[bdNOG] Recent NTP Attacks and OpenNTPProject.org

Wed Feb 19 11:49:46 BDT 2014

Greetings,

With the recent increase in NTP attacks, we  wanted to share some
information to  the bdNOG community of a few things:

There are about 1.2-1.5 million of these servers out there.

1) You can search your IP space to find NTP servers that respond to the
'MONLIST' queries.

2) I've found some vendors have old embedded versions of NTP including
ILO/Service Processors and other parts of the "internet of things".

3) You want to upgrade NTP, or adjust your ntp.conf to include 'limited' or
'restrict' lines or both.  (I defer to someone else to be an expert in this
area, but am willing to learn :) )

4) Please prevent packet spoofing where possible on your network.  This
will limit the impact of spoofed NTP or DNS (amongst others) packets from
impacting the broader community.

5) Some vendors don't have an easy way to alter the ntp configuration, or
have not or won't be updating NTP, you may need to use ACLs, firewall
filters, or other methods to block this traffic.  I've heard of many
routers being used in attacks impacting the CPU usage.

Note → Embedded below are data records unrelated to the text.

Theorem mainTheorem1
  (R : realType) (d : nat) (L : 'I_d -> R) (nuF : R)
  (l0 l1 l2 : R) (q : nat) (tau : R)
  (N : rseq R d -> rseq R d) (DN : rseq R d -> rseq R d -> rseq R d)
  (abar : R -> rseq R d)
  (U Ubm Ubi : R -> R -> rseq R d -> rseq R d)
  (m : midx d) (gamma : R)
  (W : R -> R -> R) (Wmq Winfq Wbar Wbbar Emi Eim : R)
  (hd : (1 <= d)%N) (hL : forall i, 0 < L i) (hnu : 1 <= nuF)
  (hq : q = 0%N \/ q = 2%N) (htau : 0 < tau)
  (hN : frechet_deriv nuF N DN) (hN0 : N (fun _ => 0) = (fun _ => 0))
  (hDN0 : forall h, inl1 nuF h -> DN (fun _ => 0) h = (fun _ => 0))
  (habar_l1 : forall t, 0 < t <= tau -> inl1 nuF (abar t))
  (habar_cont : forall t0, 0 < t0 <= tau -> forall eps : R, 0 < eps ->
      exists delta : R, 0 < delta /\ forall t, 0 < t <= tau -> `|t - t0| < delta ->
        (wnorm nuF (ssub (abar t) (abar t0)) < eps%:E)%E)
  (habar_bd : exists C : R, forall t, 0 < t <= tau -> (wnorm nuF (abar t) <= C%:E)%E)
  (hmu : forall k, ~~ in_Fm m k -> mu L l0 l1 l2 k < 0)
  (hmustar : exists k0, ~~ in_Fm m k0 /\
      forall k, ~~ in_Fm m k -> mu L l0 l1 l2 k <= mu L l0 l1 l2 k0)
  (hgamma : 0 <= gamma < 1) (hgamma2 : q = 2%N -> 0 < gamma)
  (hWmq : 0 < Wmq)
  (hi : forall t s psi, 0 < s < t -> t <= tau -> inl1 nuF psi ->
      (wnorm nuF (Ubm t s (Qop L q (Pim m psi))) <= Wmq%:E * wnorm nuF (Pim m psi))%E)
  (hW0 : forall t s, 0 < s < t -> t <= tau -> 0 <= W t s)
  (hWmeas : measurable_fun [set p : R * R | 0 < p.2 < p.1 /\ p.1 <= tau]
              (fun p : R * R => W p.1 p.2))
  (hii : forall t s psi, 0 < s < t -> t <= tau -> inl1 nuF psi ->
      (wnorm nuF (Ubi t s (Qop L q (Piinf m psi))) <= (W t s)%:E * wnorm nuF (Piinf m psi))%E)
  (hWinfq : 0 < Winfq) (hWbar : 0 <= Wbar) (hWbbar : 0 <= Wbbar)
  (hiii1 : forall t s, 0 < s < t -> t <= tau -> (t - s) `^ gamma * W t s <= Winfq)
  (hiii2a : forall t s, 0 < s < t -> t <= tau ->
      (((t - s) `^ gamma)%:E * \int[leb]_(r in `]s, t[) (W r s)%:E <= Wbar%:E)%E)
  (hiii2b : forall t s, 0 < s < t -> t <= tau ->
      (((t - s) `^ gamma)%:E * \int[leb]_(r in `]s, t[) (W t r)%:E <= Wbar%:E)%E)
  (hiii3a : forall t s, 0 < s < t -> t <= tau ->
      (((t - s) `^ gamma)%:E *
         \int[leb]_(r in `]s, t[) \int[leb]_(sg in `]s, r[)
            (W r sg * (sg - s) `^ (- gamma))%:E <= Wbbar%:E)%E)
  (hiii3b : forall t s, 0 < s < t -> t <= tau ->
      (((t - s) `^ gamma)%:E *
         \int[leb]_(r in `]s, t[) ((W t r)%:E *
            \int[leb]_(sg in `]s, r[) ((sg - s) `^ (- gamma))%:E) <= Wbbar%:E)%E)
  (hEmi : 0 <= Emi) (hEim : 0 <= Eim)
  (hiv1 : forall t, 0 < t <= tau ->
      (opnorm nuF (fun phi => Pim m (DN (abar t) (Piinf m phi))) <= Emi%:E)%E)
  (hiv2 : forall t, 0 < t <= tau ->
      (opnorm nuF (fun phi => Piinf m (DN (abar t) (Pim m phi))) <= Eim%:E)%E)
  (hv : forall s psi, 0 <= s < tau -> inl1 nuF psi ->
      let b := fun t => U t s (Qop L q psi) in
      (forall t, s < t <= tau -> inl1 nuF (b t)) /\
      (forall t0, s < t0 <= tau -> forall eps : R, 0 < eps ->
         exists delta : R, 0 < delta /\ forall t, s < t <= tau -> `|t - t0| < delta ->
           (wnorm nuF (ssub (b t) (b t0)) < eps%:E)%E) /\
      (exists C : R, forall t, s < t <= tau ->
         (((t - s) `^ gamma)%:E * wnorm nuF (b t) <= C%:E)%E) /\
      (forall t, s < t <= tau ->
         let fm := fun r => Ubm t r (Pim m (Qop L q (DN (abar r) (Piinf m (b r))))) in
         let fi := fun r => Ubi t r (Piinf m (Qop L q (DN (abar r) (Pim m (b r))))) in
         bochner_integrable nuF s t fm /\ bochner_integrable nuF s t fi /\
         Pim m (b t) = sadd (Ubm t s (Qop L q (Pim m psi))) (vint s t fm) /\
         Piinf m (b t) = sadd (Ubi t s (Qop L q (Piinf m psi))) (vint s t fi)))
  (hkappa : 0 < 1 - Wmq * Wbbar * Emi * Eim) :
  let kappa := 1 - Wmq * Wbbar * Emi * Eim in
  let Wq := kappa^-1 * mxnorm1 (\matrix_(i < 2, j < 2)
              nth 0 (nth [::] [:: [:: tau `^ gamma * Wmq; Wmq * Wbar * Emi];
                                  [:: Wmq * Wbar * Eim; Winfq]] i) j) in
  forall t s psi, 0 < s < t -> t <= tau -> inl1 nuF psi ->
    (((t - s) `^ gamma)%:E * wnorm nuF (U t s (Qop L q psi)) <= Wq%:E * wnorm nuF psi)%E.
Proof.
move=> kappa Wq t s psi /andP[s_gt0 st] t_tau psi_l1.
have s_tau : s < tau := lt_le_trans st t_tau.
have s_range : 0 <= s < tau by rewrite (ltW s_gt0) s_tau.
have /andP[gamma_ge0 _] := hgamma.
have [b_l1 [_ [[C bC] b_duhamel]]] := hv s psi s_range psi_l1.
pose b r := U r s (Qop L q psi).
pose x r := fine (wnorm nuF (Pim m (b r))).
pose y r := fine (wnorm nuF (Piinf m (b r))).
have bE r : s < r <= tau -> wnorm nuF (b r) = (x r + y r)%:E.
  by move=> hr; exact (wnorm_split_fine hnu m _ (b_l1 r hr)).
have DN_lin r : 0 < r <= tau -> bounded_linear nuF (DN (abar r)).
  by move=> hr; exact: (hN.2 _ (habar_l1 r hr)).1.
have fine_wnorm_ge0 a : 0 <= fine (wnorm nuF a) by exact: fine_ge0 (wnorm_ge0 hnu a).
rewrite (bE t) ?st// (wnorm_split_fine hnu m _ psi_l1) -!EFinM lee_fin.
apply: (coupled_volterra_bound (C := C) s_gt0 s_tau gamma_ge0 (ltW hWmq) hEmi hEim _ _ _ _
  hW0 hWmeas hiii1 hiii2a hiii2b hiii3a hiii3b _ _ _ t hkappa).
all: rewrite ?st ?fine_wnorm_ge0//; try by move=> r; exact: fine_wnorm_ge0.
- by move=> r hr; rewrite -lee_fin EFinM -bE //; exact: bC.
- move=> r hr; have [[mfm _] [_ [bm _]]] := b_duhamel r hr.
  exact (Pim_duhamel_le hnu (ltW hWmq) hEmi DN_lin hi hiv1 s_gt0 hr psi_l1 b_l1 mfm bm).
move=> r hr; have [_ [[mfi _] [_ bi]]] := b_duhamel r hr.
exact (Piinf_duhamel_le hnu hEim DN_lin hW0 hii hiv2 s_gt0 hr psi_l1 b_l1 mfi bi).
Qed.
Lemma hermitian_eigenbasis a : hermitian_kernel a ->
  exists (u : 'I_#|V| -> V -> C) (D : 'I_#|V| -> C),
  [/\ forall v w, a v w = \sum_k D k * u k v * (u k w)^*,
      forall k k', inner (u k) (u k') = (k == k')%:R &
      forall v w, \sum_k u k v * (u k w)^* = (v == w)%:R].
Proof.
move=> a_herm.
pose M : 'M[C]_#|V| := \matrix_(i, j) a (enum_val i) (enum_val j).
have M_normal : M \is normalmx.
  have M_herm : map_mx Num.conj M^T = M.
    by apply/matrixP => i j; rewrite !mxE a_herm conjCK.
  by apply/normalmxP; rewrite M_herm.
have P_unitary : spectralmx M \is unitarymx by exact: spectral_unitarymx.
have M_diag := orthomx_spectralP M_normal; rewrite invmx_unitary // in M_diag.
set P := spectralmx M in M_diag P_unitary; set D := spectral_diag M in M_diag.
have PPt : P *m map_mx Num.conj P^T = 1%:M by apply/unitarymxP.
have PtP : map_mx Num.conj P^T *m P = 1%:M.
  by rewrite -invmx_unitary // mulVmx // unitarymx_unit.
exists (fun k v => (P k (enum_rank v))^*), (fun k => D 0 k); split.
- move=> v w; have := congr1 (fun A : 'M[C]_#|V| => A (enum_rank v) (enum_rank w)) M_diag.
  rewrite /= mxE !enum_rankK => ->; rewrite mxE; apply: eq_bigr => k _.
  by rewrite mul_mx_diag !mxE conjCK; ring.
- move=> k k'; have := congr1 (fun A : 'M[C]_#|V| => A k' k) PPt.
  rewrite !mxE eq_sym => <-; rewrite (reindex (@enum_rank V)) /=.
    by apply: eq_bigr => v _; rewrite !mxE conjCK mulrC.
  exact: onW_bij _ (@enum_rank_bij V).
- move=> v w; have := congr1 (fun A : 'M[C]_#|V| => A (enum_rank v) (enum_rank w)) PtP.
  rewrite !mxE (inj_eq enum_rank_inj) => <-.
  by apply: eq_bigr => k _; rewrite !mxE conjCK.
Qed.

Lemma inner_Kop_eigenbasis (I : finType) (u : I -> V -> C) (b : I -> C) f :
  inner (Kop (fun v w => \sum_k b k * u k v * (u k w)^*) f) f
  = \sum_k b k * (inner f (u k) * (inner f (u k))^*).
Proof.
have conj_inner k : (inner f (u k))^* = \sum_v (f v)^* * u k v.
  by rewrite rmorph_sum; apply: eq_bigr => v _; rewrite rmorphM /= conjCK.
transitivity (\sum_k \sum_v \sum_w b k * u k v * (u k w)^* * f w * (f v)^*).
  rewrite exchange_big; apply: eq_bigr => v _; rewrite /Kop mulr_suml.
  rewrite exchange_big; apply: eq_bigr => w _; rewrite !mulr_suml.
  by apply: eq_bigr => k _; ring.
apply: eq_bigr => k _; rewrite conj_inner /inner mulr_suml mulr_sumr.
rewrite exchange_big; apply: eq_bigr => w _; rewrite !mulr_sumr.
by apply: eq_bigr => v _; ring.
Qed.

Lemma rayleigh_principle (A : (V -> C) -> V -> C) a (l : R) :
  hermitian_kernel a -> (forall f v, A f v = Kop a f v) ->
  is_smallest_eigenvalue A l -> forall f, l%:C * inner f f <= inner (A f) f.
Proof.
move=> /hermitian_eigenbasis [u [D [aE u_orth u_compl]]] AE.
have {AE}-> : A = Kop a by apply/funext => g; apply/funext => v; exact: AE.
move=> [_ l_min] f.
have eigen_u k : is_eigenvector (Kop a) (D k) (u k).
  split.
    apply/not_existsP => u0; have := u_orth k k.
    rewrite eqxx /inner big1 => [/eqP|v _]; first by rewrite eq_sym oner_eq0.
    by move/negP/negbNE/eqP: (u0 v) ->; rewrite mul0r.
  move=> v; transitivity (\sum_j D j * u j v * inner (u k) (u j)).
    rewrite /Kop; under eq_bigr do rewrite aE mulr_suml.
    rewrite exchange_big; apply: eq_bigr => j _; rewrite /inner mulr_sumr.
    by apply: eq_bigr => w _; ring.
  rewrite (bigD1 k) //= u_orth eqxx mulr1 big1 ?addr0 // => j /negPf jk.
  by rewrite u_orth eq_sym jk mulr0.
have -> : a = fun v w => \sum_k D k * u k v * (u k w)^*.
  by apply/funext => v; apply/funext => w; exact: aE.
(* Parseval: by completeness of [u], the identity kernel is [\sum_k u k v * (u k w)^*]. *)
have f_Kop1 : f = Kop (fun v w => \sum_k 1 * u k v * (u k w)^*) f.
  apply/funext => v; rewrite /Kop.
  under eq_bigr do under eq_bigr do rewrite mul1r.
  under eq_bigr do rewrite u_compl.
  by rewrite sumr_delta.
rewrite inner_Kop_eigenbasis {1}f_Kop1 inner_Kop_eigenbasis mulr_sumr.
apply: ler_sum => k _; rewrite mul1r; apply: ler_wpM2r; first exact: mul_conjC_ge0.
by apply: l_min; exists (u k).
Qed.
(* Let $(G_n)$ be a sequence of finite connected graphs, $G_n$ having $n$ vertices, all satisfying (bal) with a fixed parameter $D$. Let $(r_n)$ and $(t_n)$ be sequences of positive integers such that $r_n/(\log(n)\, t_{\mathrm{mix}}(G_n))\to\infty$ and $t_n/r_n\to1$. Then there is $n_0$ such that for all $n\ge n_0$, every vertex $u$ of $G_n$ and every nonempty vertex set $U$ of $G_n$, $$\Pr_u(\tau_U<t_n)\ge \tfrac13\,\mathrm{Cap}_{r_n}(U).$$
   Context: For a finite connected graph $G=(V,E)$, $d(v)$ is the degree of $v$ and $\delta(G),\Delta(G)$ the minimum and maximum degrees; (bal) with parameter $D$ means $\Delta(G)/\delta(G)\le D$. The lazy random walk $(X_t)$ on $G$ at each step stays put with probability $1/2$ and otherwise moves along a uniformly chosen incident edge; $\Pr_\mu$ denotes its law with $X_0\sim\mu$ ($\Pr_u$ if $X_0=u$). $\pi(v)=d(v)/(2|E|)$ and $\mathbf p^t(u,v)=\Pr_u(X_t=v)$. The uniform mixing time is $t_{\mathrm{mix}}(G)=\min\{t\ge0:\max_{u,v}|\mathbf p^t(u,v)/\pi(v)-1|\le1/2\}$. For nonempty $U\subseteq V$, $\tau_U=\min\{t\ge0:X_t\in U\}$ and for an integer $r\ge 0$, $\mathrm{Cap}_r(U)=\Pr_\pi(\tau_U<r)$. *)

From Stdlib Require Import Reals Lra Lia List Relations.
Open Scope R_scope.

(* A graph on n vertices {0,...,n-1} is given by an adjacency test
   adj : nat -> nat -> bool (only entries x,y < n matter). *)

Definition simple_graph (n : nat) (adj : nat -> nat -> bool) : Prop :=
  (forall x y, (x < n)%nat -> (y < n)%nat -> adj x y = adj y x) /\
  (forall x, (x < n)%nat -> adj x x = false).

Definition connected (n : nat) (adj : nat -> nat -> bool) : Prop :=
  forall u v, (u < n)%nat -> (v < n)%nat ->
    clos_refl_trans nat (fun x y => (x < n)%nat /\ (y < n)%nat /\ adj x y = true) u v.

Fixpoint nsum (k : nat) (f : nat -> nat) : nat :=
  match k with O => O | S k' => (nsum k' f + f k')%nat end.

Fixpoint fsum (k : nat) (f : nat -> R) : R :=
  match k with O => 0 | S k' => fsum k' f + f k' end.

Definition deg (n : nat) (adj : nat -> nat -> bool) (v : nat) : nat :=
  nsum n (fun w => if adj v w then 1%nat else 0%nat).

Definition nedges (n : nat) (adj : nat -> nat -> bool) : nat :=
  nsum n (fun y => nsum y (fun x => if adj x y then 1%nat else 0%nat)).

Fixpoint fmaxS (k : nat) (f : nat -> nat) : nat :=
  match k with O => f O | S k' => Nat.max (fmaxS k' f) (f k) end.
Fixpoint fminS (k : nat) (f : nat -> nat) : nat :=
  match k with O => f O | S k' => Nat.min (fminS k' f) (f k) end.

Definition maxdeg (n : nat) (adj : nat -> nat -> bool) : nat :=
  fmaxS (n - 1) (deg n adj).
Definition mindeg (n : nat) (adj : nat -> nat -> bool) : nat :=
  fminS (n - 1) (deg n adj).

Definition balanced (n : nat) (adj : nat -> nat -> bool) (D : R) : Prop :=
  INR (maxdeg n adj) / INR (mindeg n adj) <= D.
(* Let $u,v:\mathbb{Z}\times[0,1]\to\mathbb{R}$ have at most polynomial growth in their first variable, let $u$ be upper-semicontinuous (in $t$) and a viscosity subsolution, and $v$ lower-semicontinuous and a viscosity supersolution, of $-w_t(y,t)-\beta(w(y+1,t)-2w(y,t)+w(y-1,t))=0$ on $\mathbb{Z}\times[0,1)$. If $u(\cdot,1)\le v(\cdot,1)$, then $u\le v$ on $\mathbb{Z}\times[0,1)$.
   Context: $\beta>0$. A function $w$ on $\mathbb{Z}\times[0,1]$ has at most polynomial growth if $|w(y,t)|\le C(1+|y|^k)$ for some $C,k$. For locally bounded $w$, $w^*(y,t)=\limsup_{t'\to t}w(y,t')$ and $w_*(y,t)=\liminf_{t'\to t}w(y,t')$. $w$ is a viscosity subsolution (resp. supersolution) of the equation if for every $(y,t)\in\mathbb{Z}\times[0,1)$ and every $\varphi:\mathbb{Z}\times[0,1]\to\mathbb{R}$ continuously differentiable in $t$ such that $(y,t)$ is a maximum point of $w^*-\varphi$ (resp. minimum point of $w_*-\varphi$), one has $-\varphi_t(y,t)-\beta(w^*(y+1,t)-2w^*(y,t)+w^*(y-1,t))\le0$ (resp. $-\varphi_t(y,t)-\beta(w_*(y+1,t)-2w_*(y,t)+w_*(y-1,t))\ge0$). *)

From HB Require Import structures.
From mathcomp Require Import all_boot all_order all_algebra.
From mathcomp Require Import all_classical all_reals all_analysis.
Set Implicit Arguments. Unset Strict Implicit. Unset Printing Implicit Defensive.
Import Order.TTheory GRing.Theory Num.Theory.
Import numFieldNormedType.Exports.
Local Open Scope classical_set_scope.
Local Open Scope ring_scope.

(* A function w : Z x [0,1] -> R is modelled as w : int -> R -> R; only the
   values at times t with 0 <= t <= 1 are ever used below. *)

Definition inI {R : realType} (t : R) : Prop := 0 <= t <= 1.

Definition poly_growth {R : realType} (w : int -> R -> R) : Prop :=
  exists (C : R) (k : nat), forall (y : int) (t : R), inI t ->
    `|w y t| <= C * (1 + (`|y|%:~R) ^+ k).

Definition usc_t {R : realType} (w : int -> R -> R) : Prop :=
  forall (y : int) (t : R), inI t -> forall e : R, 0 < e ->
    exists2 d : R, 0 < d & forall s : R, inI s -> `|s - t| < d -> w y s < w y t + e.

Definition lsc_t {R : realType} (w : int -> R -> R) : Prop :=
  forall (y : int) (t : R), inI t -> forall e : R, 0 < e ->
    exists2 d : R, 0 < d & forall s : R, inI s -> `|s - t| < d -> w y t - e < w y s.

Definition ustar {R : realType} (w : int -> R -> R) (y : int) (t : R) : R :=
  inf [set sup [set w y s | s in [set s | inI s /\ `|s - t| < d]]
      | d in [set d : R | 0 < d]].

Definition lstar {R : realType} (w : int -> R -> R) (y : int) (t : R) : R :=
  sup [set inf [set w y s | s in [set s | inI s /\ `|s - t| < d]]
      | d in [set d : R | 0 < d]].
(* With [M] the maximum of [phi] on [a, b], the hypothesis gives
   [|phi'| <= 2 sqrt M phi], so [phi x * exp (2 sqrt M x)] is nondecreasing;
   it vanishes at [b]. *)
Lemma derive_le_pow32_vanish phi dphi a b : a <= b ->
  {in `[a, b], forall x : R, is_derive x 1 phi (dphi x)} ->
  {in `[a, b], forall x, 0 <= phi x} ->
  {in `[a, b], forall x, `|dphi x| <= 2 * phi x `^ (3%:R / 2%:R)} ->
  phi b = 0 -> {in `[a, b], forall x, phi x = 0}.
Proof.
move=> ab dphiP phi_ge0 dphi_le phib x xab.
have [c cab phi_max] := EVT_max ab
  (derivable_within_continuous (fun x xab => @ex_derive _ _ _ _ _ _ _ (dphiP x xab))).
pose L := 2 * phi c `^ 2^-1.
have linear_bound y : y \in `[a, b] -> 0 <= dphi y + L * phi y.
  move=> yab; have phiy0 := phi_ge0 y yab.
  have pow32 : phi y `^ (3%:R / 2%:R) = phi y * phi y `^ 2^-1.
    rewrite (_ : 3%:R / 2%:R = 1 + 2^-1); last by field.
    by rewrite powRD ?powRr1// implybE gt_eqF// addr_gt0// invr_gt0.
  have sqrt_le : phi y `^ 2^-1 <= phi c `^ 2^-1.
    by apply: ge0_ler_powR; rewrite ?invr_ge0 ?nnegrE ?phi_ge0 ?phi_max.
  have : - dphi y <= L * phi y.
    apply: le_trans (ler_norm _) _; rewrite normrN (le_trans (dphi_le y yab))// pow32.
    by rewrite /L -mulrA ler_wpM2l// mulrC ler_wpM2r.
  lra.
pose g y := phi y * expR (L * y).
have xb : x <= b by move: xab; rewrite in_itv /= => /andP[].
have sub_xb y : y \in `[x, b] -> y \in `[a, b].
  by move: xab; rewrite !in_itv /= => /andP[ax _] /andP[xy ->]; rewrite (le_trans ax xy).
have : g x <= g b.
  apply: (@is_derive_ge0_le g (fun y => expR (L * y) * (dphi y + L * phi y))) => // y yxb.
    apply: is_derive_eq.
      exact: is_deriveM (dphiP y (sub_xb y yxb)) (is_derive_expRM L y).
    by rewrite /GRing.scale /=; ring.
  by rewrite mulr_ge0 ?expR_ge0 ?linear_bound ?sub_xb ?subset_itv_oo_cc.
rewrite /g phib mul0r pmulr_lle0 ?expR_gt0// => phix_le0.
by apply/eqP; rewrite eq_le phix_le0 phi_ge0.
Qed.

End RealCalculus.

Section Barrier.
Variables (R : realType) (m : nat) (K : set 'cV[R]_m) (f : 'cV[R]_m -> R) (nu : R).
Hypotheses (Kc : closed_convex_cone K) (Hf : LHSCB K f nu).
Implicit Types (s y d r : 'cV[R]_m).

Lemma LHSCB_nu_gt0 : 0 < nu.
Proof. by case: Hf. Qed.

Lemma LHSCB_homogeneous s (t : R) :
  interior K s -> 0 < t -> f (t *: s) = f s - nu * ln t.
Proof. by case: Hf => _ _; apply. Qed.

Lemma LHSCB_differentiable s : interior K s -> differentiable f s.
Proof. by case: Hf => _ [+ _ _] _ => /[apply] -[]. Qed.

Lemma LHSCB_D2_ge0 s r : interior K s -> 0 <= D2 f s r.
Proof. by case: Hf => _ [_ _ +] _ => /[apply] /(_ r) []. Qed.

Lemma LHSCB_D3_le s r : interior K s -> `|D3 f s r| <= 2 * D2 f s r `^ (3%:R / 2%:R).
Proof. by case: Hf => _ [_ _ +] _ => /[apply] /(_ r) []. Qed.

Lemma is_derive_barrier_line s d (t : R) : interior K (s + t *: d) ->
  is_derive t 1 (fun t : R => f (s + t *: d)) (derive f (s + t *: d) d).
Proof.
by move=> /LHSCB_differentiable /diff_derivable dfs; apply: is_derive_line.
Qed.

Take a moment and see if your devices respond to the following
query/queries:

ntpdc -n -c monlist 10.0.0.1
ntpdc -n -c loopinfo 10.0.0.1
ntpdc -n -c iostats 10.0.0.1

6) If you do VMs/Servers and have a template, please make sure that they do
not respond to NTP requests.

Please consider reconfiguring this NTP server in one or more of these ways:

1. If you run ntpd, upgrading to the latest version, which removes the
"monlist" command that is used for these attacks; alternately, disabling
the monitoring function by adding "disable monitor" to your /etc/ntp.conf
file.
2. Setting the NTP installation to act as a client only. With ntpd, that
can be done with "restrict default ignore" in /etc/ntp.conf; other daemons
should have a similar configuration option. More information on configuring
different devices can be found here:
https://www.team-cymru.org/ReadingRoom/Templates/secure-ntp-template.html.
3. Adjusting your firewall or NTP server configuration so that it only
serves your users and does not respond to outside IP addresses.

If you don't mean to run a public NTP server, we recommend #1 and #2. If
you do mean to run a public NTP server, we recommend #1, and also that you
rate-limit responses to individual source IP addresses -- silently
discarding those that exceed a low number, such as one request per IP
address per second. Rate-limit functionality is built into many
recently-released NTP daemons, including ntpd, but needs to be enabled; it
would help with different types of attacks than this one.

Fixing open NTP servers is important; with the 1000x+ amplification factor
of NTP DRDoS attacks -- one 40-byte-long request can generate up to 46800
bytes worth of response traffic -- it only takes one machine on an
unfiltered 100 Mbps link to create a 100+ Gbps attack!

If you are an ISP, please also look at your network configuration and make
sure that you do not allow spoofed traffic (that pretends to be from
external IP addresses) to leave the network. Hosts that allow spoofed
traffic make possible this type of attack.